■ TASK STATEMENT:
Somewhere below, one line contains "Lemma bb_zero_steps_single N" and a later line contains "move=> V0 V1". Output those two lines and everything between them exactly, and nothing else.

■ DATASET RECORDS:
Lemma marker_protocol_solves N (hN : 0 < N) T (P : bb_protocol N) f mc sc (V : seq nat) K :
  0 < T -> 0 \in V -> (forall n : 'I_N, n.+1 \in V) ->
  bb_solves V (Ordinal hN) f T mc sc P ->
  mk_solves (Ordinal hN) f K T mc sc (marker_protocol hN T P).
Proof.
move=> T_gt0 V0 VS P_solves; split=> [n h o p w /InP Ho Hs | C I Mk sent HC exec r lt_rK].
  by case: (marker_send_sig P_solves.1 Ho Hs) => [[-> _] | ]; [left | right].
exact: (round_correct T_gt0 P_solves V0 VS HC exec lt_rK).
Qed.

(* When T = 0 decisions are taken before any message is received, so
   validity forces a single process: a non-broadcaster would have to decide
   both values 0 and 1 from the same empty view. *)
Lemma bb_zero_steps_single N (hN : 0 < N) f mc sc (V : seq nat) (P : bb_protocol N) :
  0 \in V -> 1 \in V -> bb_solves V (Ordinal hN) f 0 mc sc P ->
  forall n : 'I_N, n = Ordinal hN.
Proof.
move=> V0 V1 P_solves n; apply/eqP/negPn/negP => ne_n0.
pose run v := extend 0 (fun _ _ => [::]) set0
  (fun q H => bb_send P q (bb_input (Ordinal hN) v q) H).
have decides (v : nat) : v \in V -> bb_dec P n None [:: [::]] = Some v.
  move=> Vv; have exec : bb_exec P (Ordinal hN) set0 v (run v).
    by split=> [s t | q t _]; rewrite ?in_set0 // /run extendE /= in_set0.
  have none_corrupt : #|(set0 : {set 'I_N})| <= f by rewrite cards0.
  have [_ _ valid _ _] := P_solves.2 set0 v (run v) none_corrupt Vv exec.
  have := valid (negbT (in_set0 _)) n (negbT (in_set0 _)).
  by rewrite /bb_decision /bb_input (negbTE ne_n0).
by have := decides 0 V0; rewrite (decides 1 V1).
Qed.

Definition silent_protocol N (hN : 0 < N) : mk_protocol N :=
  MKProtocol (fun _ _ => [::]) (fun _ _ _ _ => Some (Some (Ordinal hN))).

(* With a single process and empty rounds, the silent protocol is correct:
   the only process is P_1, which is marked in every round while honest. *)
Lemma silent_protocol_solves N (hN : 0 < N) f K mc sc :
  (forall n : 'I_N, n = Ordinal hN) ->
  mk_solves (Ordinal hN) f K 0 mc sc (silent_protocol hN).
Proof.
move=> single; split=> [n h o p x [] | C I Mk sent _ [_ _ Mk0 MkS] r _].
split=> [n m _ _ _ _ | M _ _ | EM n d Hn _ | |]; rewrite ?muln0 ?big_geq //.
- by rewrite (single n) (single m).
- by rewrite /mk_decision /= (single M).
exfalso; case: r EM => [|r]; first by rewrite Mk0 -(single n) Hn.
by rewrite MkS; case: pickP => // /(_ n); rewrite Hn.
Qed.

Theorem mainTheorem2 (N : nat) (hN : 0 < N) (f T mc sc : nat)
    (V : seq nat) (P : bb_protocol N) :
  0 \in V -> (forall n : 'I_N, n.+1 \in V) ->
  bb_solves V (Ordinal hN) f T mc sc P ->
  forall K : nat, exists Q : mk_protocol N,
    mk_solves (Ordinal hN) f K T mc sc Q.
Proof.
move=> V0 VS P_solves K; have [T0 | T_gt0] := posnP T.
  subst T; exists (silent_protocol hN); apply: silent_protocol_solves.
  exact: bb_zero_steps_single V0 (VS (Ordinal hN)) P_solves.
by exists (marker_protocol hN T P); apply: marker_protocol_solves T_gt0 V0 VS P_solves.
Qed.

■ WRITTEN RESPONSE:
Lemma bb_zero_steps_single N (hN : 0 < N) f mc sc (V : seq nat) (P : bb_protocol N) :
  0 \in V -> 1 \in V -> bb_solves V (Ordinal hN) f 0 mc sc P ->
  forall n : 'I_N, n = Ordinal hN.
Proof.
move=> V0 V1 P_solves n; apply/eqP/negPn/negP => ne_n0.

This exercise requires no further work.